● **WHAT IS REQUIRED**: Search the records for the string "MInf" and report how many lines contain it, with nothing else.

AVAILABLE RECORDS START

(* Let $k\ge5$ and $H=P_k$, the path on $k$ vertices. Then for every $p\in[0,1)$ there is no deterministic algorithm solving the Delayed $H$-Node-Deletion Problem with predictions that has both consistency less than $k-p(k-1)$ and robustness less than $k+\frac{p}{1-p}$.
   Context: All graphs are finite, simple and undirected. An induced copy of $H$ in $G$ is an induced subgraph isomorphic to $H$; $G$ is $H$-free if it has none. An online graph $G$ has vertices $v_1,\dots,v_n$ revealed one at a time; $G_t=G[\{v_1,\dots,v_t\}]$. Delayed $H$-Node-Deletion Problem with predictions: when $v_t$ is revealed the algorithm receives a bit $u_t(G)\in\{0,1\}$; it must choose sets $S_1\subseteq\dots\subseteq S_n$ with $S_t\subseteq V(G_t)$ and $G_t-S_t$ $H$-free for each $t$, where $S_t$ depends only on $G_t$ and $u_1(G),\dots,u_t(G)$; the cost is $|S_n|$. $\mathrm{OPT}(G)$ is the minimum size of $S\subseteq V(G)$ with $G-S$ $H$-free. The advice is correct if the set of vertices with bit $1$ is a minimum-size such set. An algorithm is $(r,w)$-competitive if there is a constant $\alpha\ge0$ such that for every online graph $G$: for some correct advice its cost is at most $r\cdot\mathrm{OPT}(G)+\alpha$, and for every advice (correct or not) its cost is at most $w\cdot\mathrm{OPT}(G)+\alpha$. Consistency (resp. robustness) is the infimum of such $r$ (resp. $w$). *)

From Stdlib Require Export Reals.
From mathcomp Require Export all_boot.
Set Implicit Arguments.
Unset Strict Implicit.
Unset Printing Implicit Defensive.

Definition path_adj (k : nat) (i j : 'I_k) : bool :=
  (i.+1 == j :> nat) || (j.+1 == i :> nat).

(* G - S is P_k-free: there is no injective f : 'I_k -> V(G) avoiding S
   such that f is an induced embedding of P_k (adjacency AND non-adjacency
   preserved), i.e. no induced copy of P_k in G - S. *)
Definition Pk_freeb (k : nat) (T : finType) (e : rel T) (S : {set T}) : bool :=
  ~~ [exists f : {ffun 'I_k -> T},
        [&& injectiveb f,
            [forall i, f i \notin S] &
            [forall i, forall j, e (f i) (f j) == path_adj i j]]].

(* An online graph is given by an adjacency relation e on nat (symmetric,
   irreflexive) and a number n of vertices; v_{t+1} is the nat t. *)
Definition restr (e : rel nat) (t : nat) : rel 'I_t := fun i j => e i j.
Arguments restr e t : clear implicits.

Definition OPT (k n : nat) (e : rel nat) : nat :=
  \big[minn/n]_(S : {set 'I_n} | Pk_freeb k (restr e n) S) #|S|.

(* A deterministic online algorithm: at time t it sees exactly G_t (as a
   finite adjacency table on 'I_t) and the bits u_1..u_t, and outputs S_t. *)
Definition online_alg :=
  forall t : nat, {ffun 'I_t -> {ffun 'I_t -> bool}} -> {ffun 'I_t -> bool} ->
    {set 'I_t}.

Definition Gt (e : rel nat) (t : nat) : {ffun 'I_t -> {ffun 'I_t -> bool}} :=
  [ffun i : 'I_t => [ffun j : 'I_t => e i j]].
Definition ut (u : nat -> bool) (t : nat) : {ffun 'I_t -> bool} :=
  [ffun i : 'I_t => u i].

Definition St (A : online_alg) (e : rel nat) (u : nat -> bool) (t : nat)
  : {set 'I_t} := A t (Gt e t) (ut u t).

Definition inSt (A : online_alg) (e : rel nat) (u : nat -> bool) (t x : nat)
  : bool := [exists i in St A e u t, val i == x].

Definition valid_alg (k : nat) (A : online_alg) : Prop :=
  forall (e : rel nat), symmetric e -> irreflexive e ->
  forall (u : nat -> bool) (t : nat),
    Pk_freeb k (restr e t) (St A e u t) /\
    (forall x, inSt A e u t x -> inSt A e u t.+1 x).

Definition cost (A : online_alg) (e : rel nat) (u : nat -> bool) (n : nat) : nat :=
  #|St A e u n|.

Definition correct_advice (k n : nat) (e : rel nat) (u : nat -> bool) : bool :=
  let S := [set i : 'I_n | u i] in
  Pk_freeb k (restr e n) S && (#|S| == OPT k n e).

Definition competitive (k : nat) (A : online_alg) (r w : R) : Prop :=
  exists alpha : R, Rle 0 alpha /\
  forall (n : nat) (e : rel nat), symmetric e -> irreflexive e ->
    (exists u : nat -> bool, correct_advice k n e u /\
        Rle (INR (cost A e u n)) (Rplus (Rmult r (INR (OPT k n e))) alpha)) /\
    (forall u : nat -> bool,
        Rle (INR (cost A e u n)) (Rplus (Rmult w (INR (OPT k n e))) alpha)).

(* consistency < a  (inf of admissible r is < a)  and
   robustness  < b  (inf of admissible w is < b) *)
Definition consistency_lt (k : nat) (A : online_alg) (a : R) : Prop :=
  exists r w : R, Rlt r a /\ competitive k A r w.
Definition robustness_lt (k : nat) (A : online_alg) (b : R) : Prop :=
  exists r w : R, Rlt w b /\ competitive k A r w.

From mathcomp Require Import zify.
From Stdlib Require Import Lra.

AVAILABLE RECORDS END
AVAILABLE RECORDS START

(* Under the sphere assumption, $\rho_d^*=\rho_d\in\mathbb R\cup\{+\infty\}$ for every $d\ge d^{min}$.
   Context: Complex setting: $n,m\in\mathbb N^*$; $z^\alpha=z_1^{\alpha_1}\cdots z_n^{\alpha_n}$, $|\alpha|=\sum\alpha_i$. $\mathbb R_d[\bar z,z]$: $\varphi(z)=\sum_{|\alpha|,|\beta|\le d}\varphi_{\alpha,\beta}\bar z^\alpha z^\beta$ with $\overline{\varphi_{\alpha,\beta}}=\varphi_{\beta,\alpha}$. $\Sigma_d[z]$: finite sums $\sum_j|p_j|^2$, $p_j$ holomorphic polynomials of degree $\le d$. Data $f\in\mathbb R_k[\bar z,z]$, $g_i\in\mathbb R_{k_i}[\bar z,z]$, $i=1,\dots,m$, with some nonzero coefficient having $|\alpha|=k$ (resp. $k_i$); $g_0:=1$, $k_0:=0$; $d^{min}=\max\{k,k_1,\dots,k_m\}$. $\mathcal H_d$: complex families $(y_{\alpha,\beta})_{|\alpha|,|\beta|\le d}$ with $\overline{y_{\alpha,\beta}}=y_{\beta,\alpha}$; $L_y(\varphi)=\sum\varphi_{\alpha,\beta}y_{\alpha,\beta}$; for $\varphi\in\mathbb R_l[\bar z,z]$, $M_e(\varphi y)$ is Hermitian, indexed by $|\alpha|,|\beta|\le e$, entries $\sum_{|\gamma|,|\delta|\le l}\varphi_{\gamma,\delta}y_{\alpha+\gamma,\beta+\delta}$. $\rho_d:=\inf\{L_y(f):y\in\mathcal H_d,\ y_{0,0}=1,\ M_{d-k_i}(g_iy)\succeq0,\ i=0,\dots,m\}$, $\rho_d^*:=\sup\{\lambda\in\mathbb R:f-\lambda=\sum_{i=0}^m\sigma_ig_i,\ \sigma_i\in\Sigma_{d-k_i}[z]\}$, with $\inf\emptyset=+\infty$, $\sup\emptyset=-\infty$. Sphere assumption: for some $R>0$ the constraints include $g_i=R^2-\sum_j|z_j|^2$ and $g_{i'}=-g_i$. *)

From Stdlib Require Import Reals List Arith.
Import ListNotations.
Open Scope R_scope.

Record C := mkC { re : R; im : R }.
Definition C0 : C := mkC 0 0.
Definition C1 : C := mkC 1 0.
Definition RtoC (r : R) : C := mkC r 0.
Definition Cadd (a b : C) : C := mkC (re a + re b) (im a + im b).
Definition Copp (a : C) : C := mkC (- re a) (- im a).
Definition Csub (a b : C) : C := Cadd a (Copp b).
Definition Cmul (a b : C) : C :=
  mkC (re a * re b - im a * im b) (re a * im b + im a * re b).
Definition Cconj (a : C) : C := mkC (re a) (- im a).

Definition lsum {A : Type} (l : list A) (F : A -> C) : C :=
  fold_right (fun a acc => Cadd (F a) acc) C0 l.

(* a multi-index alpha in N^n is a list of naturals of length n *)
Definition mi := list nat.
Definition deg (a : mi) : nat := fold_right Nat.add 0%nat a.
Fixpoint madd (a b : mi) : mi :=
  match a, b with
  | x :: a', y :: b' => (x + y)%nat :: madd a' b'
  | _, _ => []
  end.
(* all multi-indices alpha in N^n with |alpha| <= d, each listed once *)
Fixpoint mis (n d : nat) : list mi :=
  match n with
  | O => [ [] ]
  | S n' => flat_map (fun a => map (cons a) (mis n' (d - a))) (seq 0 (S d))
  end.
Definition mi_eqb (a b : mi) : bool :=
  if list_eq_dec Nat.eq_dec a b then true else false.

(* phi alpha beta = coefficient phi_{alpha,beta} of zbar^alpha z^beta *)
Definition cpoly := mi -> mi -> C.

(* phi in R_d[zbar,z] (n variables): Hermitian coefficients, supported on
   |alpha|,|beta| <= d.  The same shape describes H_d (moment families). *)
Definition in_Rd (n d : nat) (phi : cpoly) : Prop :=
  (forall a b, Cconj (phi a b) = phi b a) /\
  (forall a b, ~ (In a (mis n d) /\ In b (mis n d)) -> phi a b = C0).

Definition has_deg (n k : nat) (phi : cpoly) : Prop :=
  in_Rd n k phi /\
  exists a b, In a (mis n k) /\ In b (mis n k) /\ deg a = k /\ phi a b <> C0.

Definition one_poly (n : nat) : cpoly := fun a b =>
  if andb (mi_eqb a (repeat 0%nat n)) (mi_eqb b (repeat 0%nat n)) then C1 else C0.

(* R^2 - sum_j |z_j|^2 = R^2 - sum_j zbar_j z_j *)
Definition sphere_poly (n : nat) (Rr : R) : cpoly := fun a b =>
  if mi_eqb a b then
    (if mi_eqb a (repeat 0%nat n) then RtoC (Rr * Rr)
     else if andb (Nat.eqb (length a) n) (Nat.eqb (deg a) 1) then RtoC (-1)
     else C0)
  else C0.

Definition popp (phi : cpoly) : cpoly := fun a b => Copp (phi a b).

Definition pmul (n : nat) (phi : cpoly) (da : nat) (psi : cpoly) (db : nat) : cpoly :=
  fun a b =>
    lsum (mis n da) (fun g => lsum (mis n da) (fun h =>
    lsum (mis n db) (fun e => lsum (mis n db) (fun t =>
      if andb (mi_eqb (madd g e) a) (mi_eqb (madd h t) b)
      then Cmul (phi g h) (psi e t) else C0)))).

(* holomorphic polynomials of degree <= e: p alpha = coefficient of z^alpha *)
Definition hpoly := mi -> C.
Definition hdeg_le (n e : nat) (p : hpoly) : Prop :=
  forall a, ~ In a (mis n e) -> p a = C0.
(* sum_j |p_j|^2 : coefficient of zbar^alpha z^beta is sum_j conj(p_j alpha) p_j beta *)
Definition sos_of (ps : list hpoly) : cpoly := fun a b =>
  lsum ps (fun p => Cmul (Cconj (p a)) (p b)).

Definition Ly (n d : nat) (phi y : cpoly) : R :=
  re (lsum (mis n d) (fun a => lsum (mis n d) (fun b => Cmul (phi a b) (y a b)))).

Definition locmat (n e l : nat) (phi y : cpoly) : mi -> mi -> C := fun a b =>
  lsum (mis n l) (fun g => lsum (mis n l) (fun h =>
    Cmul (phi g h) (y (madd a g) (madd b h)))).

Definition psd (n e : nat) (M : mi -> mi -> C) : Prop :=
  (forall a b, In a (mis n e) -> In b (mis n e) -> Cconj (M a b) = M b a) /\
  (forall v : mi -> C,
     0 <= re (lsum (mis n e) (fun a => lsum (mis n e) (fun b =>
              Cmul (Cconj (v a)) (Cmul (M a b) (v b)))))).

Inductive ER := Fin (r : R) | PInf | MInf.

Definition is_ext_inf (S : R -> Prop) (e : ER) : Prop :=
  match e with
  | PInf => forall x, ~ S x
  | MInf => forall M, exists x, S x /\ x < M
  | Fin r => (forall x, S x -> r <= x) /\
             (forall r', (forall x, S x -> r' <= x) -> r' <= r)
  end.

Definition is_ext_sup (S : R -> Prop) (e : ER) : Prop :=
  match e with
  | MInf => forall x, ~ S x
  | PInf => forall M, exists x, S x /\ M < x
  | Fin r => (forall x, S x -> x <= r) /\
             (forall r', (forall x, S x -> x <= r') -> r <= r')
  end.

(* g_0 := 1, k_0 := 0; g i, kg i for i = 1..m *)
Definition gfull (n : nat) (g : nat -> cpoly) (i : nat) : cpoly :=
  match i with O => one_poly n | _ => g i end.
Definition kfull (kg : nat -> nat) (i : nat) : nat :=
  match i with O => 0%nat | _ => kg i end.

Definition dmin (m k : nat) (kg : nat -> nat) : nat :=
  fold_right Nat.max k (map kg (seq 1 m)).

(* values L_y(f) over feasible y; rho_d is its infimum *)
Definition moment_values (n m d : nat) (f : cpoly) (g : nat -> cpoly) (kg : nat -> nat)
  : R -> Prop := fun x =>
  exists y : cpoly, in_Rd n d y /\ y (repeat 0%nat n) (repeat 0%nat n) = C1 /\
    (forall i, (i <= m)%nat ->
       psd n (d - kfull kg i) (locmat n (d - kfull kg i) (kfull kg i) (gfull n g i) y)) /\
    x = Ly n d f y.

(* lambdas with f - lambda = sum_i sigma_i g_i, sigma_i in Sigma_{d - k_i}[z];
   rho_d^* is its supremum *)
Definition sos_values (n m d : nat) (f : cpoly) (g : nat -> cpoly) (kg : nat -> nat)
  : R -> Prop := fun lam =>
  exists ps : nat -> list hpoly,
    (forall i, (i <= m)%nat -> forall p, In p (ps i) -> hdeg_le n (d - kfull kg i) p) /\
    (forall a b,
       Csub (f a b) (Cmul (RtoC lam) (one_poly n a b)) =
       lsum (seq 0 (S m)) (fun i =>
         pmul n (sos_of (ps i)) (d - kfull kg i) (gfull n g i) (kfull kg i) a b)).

AVAILABLE RECORDS END

● **RESPONSE AREA**: 3